The lines from the one containing "(forall B', chain" through the final line of the data below must be written out exactly, both included, and nothing more.

◇ ◇ ◇ ◇

Definition subspace (U : set E) : Prop :=
  U 0 /\ (forall x y, U x -> U y -> U (x + y)) /\ (forall (a : R) x, U x -> U (a *: x)).

Definition rspan (S : set E) : set E :=
  [set x | exists n (c : 'I_n -> R) (v : 'I_n -> E),
            (forall i, S (v i)) /\ x = \sum_(i < n) c i *: v i].

Definition rcone (S : set E) : set E :=
  [set x | exists n (c : 'I_n -> R) (v : 'I_n -> E),
            (forall i, 0 <= c i /\ S (v i)) /\ x = \sum_(i < n) c i *: v i].

(* Subspaces of W/V' are represented by their preimages: subspaces G with
   V' <= G <= W.  dim (Gb/Ga) = 1 : *)
Definition codim1 (Ga Gb : set E) : Prop :=
  Ga `<=` Gb /\ exists v, Gb v /\ ~ Ga v /\
     (forall y, Gb y -> exists t : R, Ga (y - t *: v)).

Definition rel_subspace (V' W G : set E) : Prop :=
  subspace G /\ V' `<=` G /\ G `<=` W.

Definition chain (V' W : set E) (C : set (set E)) : Prop :=
  (forall G, C G -> rel_subspace V' W G) /\
  (forall G1 G2, C G1 -> C G2 -> G1 `<=` G2 \/ G2 `<=` G1).

Definition maximal_chain (V' W : set E) (C : set (set E)) : Prop :=
  chain V' W C /\ (forall C', chain V' W C' -> C `<=` C' -> C' = C).

Definition covers (V' W : set E) (B : set (set E)) : Prop :=
  forall x, W x -> ~ V' x ->
    exists Ga Gb, B Ga /\ B Gb /\ Ga `<` Gb /\ codim1 Ga Gb /\ Gb x /\ ~ Ga x.

Definition basic_chain (V' W : set E) (B : set (set E)) : Prop :=
  chain V' W B /\ covers V' W B /\
  (forall B', chain V' W B' -> B' `<` B -> ~ covers V' W B').

(* an orientation picks, for each codim-one pair (Ga, Gb) of B, a vector
   o Ga Gb in Gb \ Ga; the "+" half of Gb \ Ga is the side containing it *)
Definition orientation (B : set (set E)) (o : set E -> set E -> E) : Prop :=
  forall Ga Gb, B Ga -> B Gb -> Ga `<` Gb -> codim1 Ga Gb ->
    Gb (o Ga Gb) /\ ~ Ga (o Ga Gb).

◇ ◇ ◇ ◇

Solution below:
  (forall B', chain V' W B' -> B' `<` B -> ~ covers V' W B').

(* an orientation picks, for each codim-one pair (Ga, Gb) of B, a vector
   o Ga Gb in Gb \ Ga; the "+" half of Gb \ Ga is the side containing it *)
Definition orientation (B : set (set E)) (o : set E -> set E -> E) : Prop :=
  forall Ga Gb, B Ga -> B Gb -> Ga `<` Gb -> codim1 Ga Gb ->
    Gb (o Ga Gb) /\ ~ Ga (o Ga Gb).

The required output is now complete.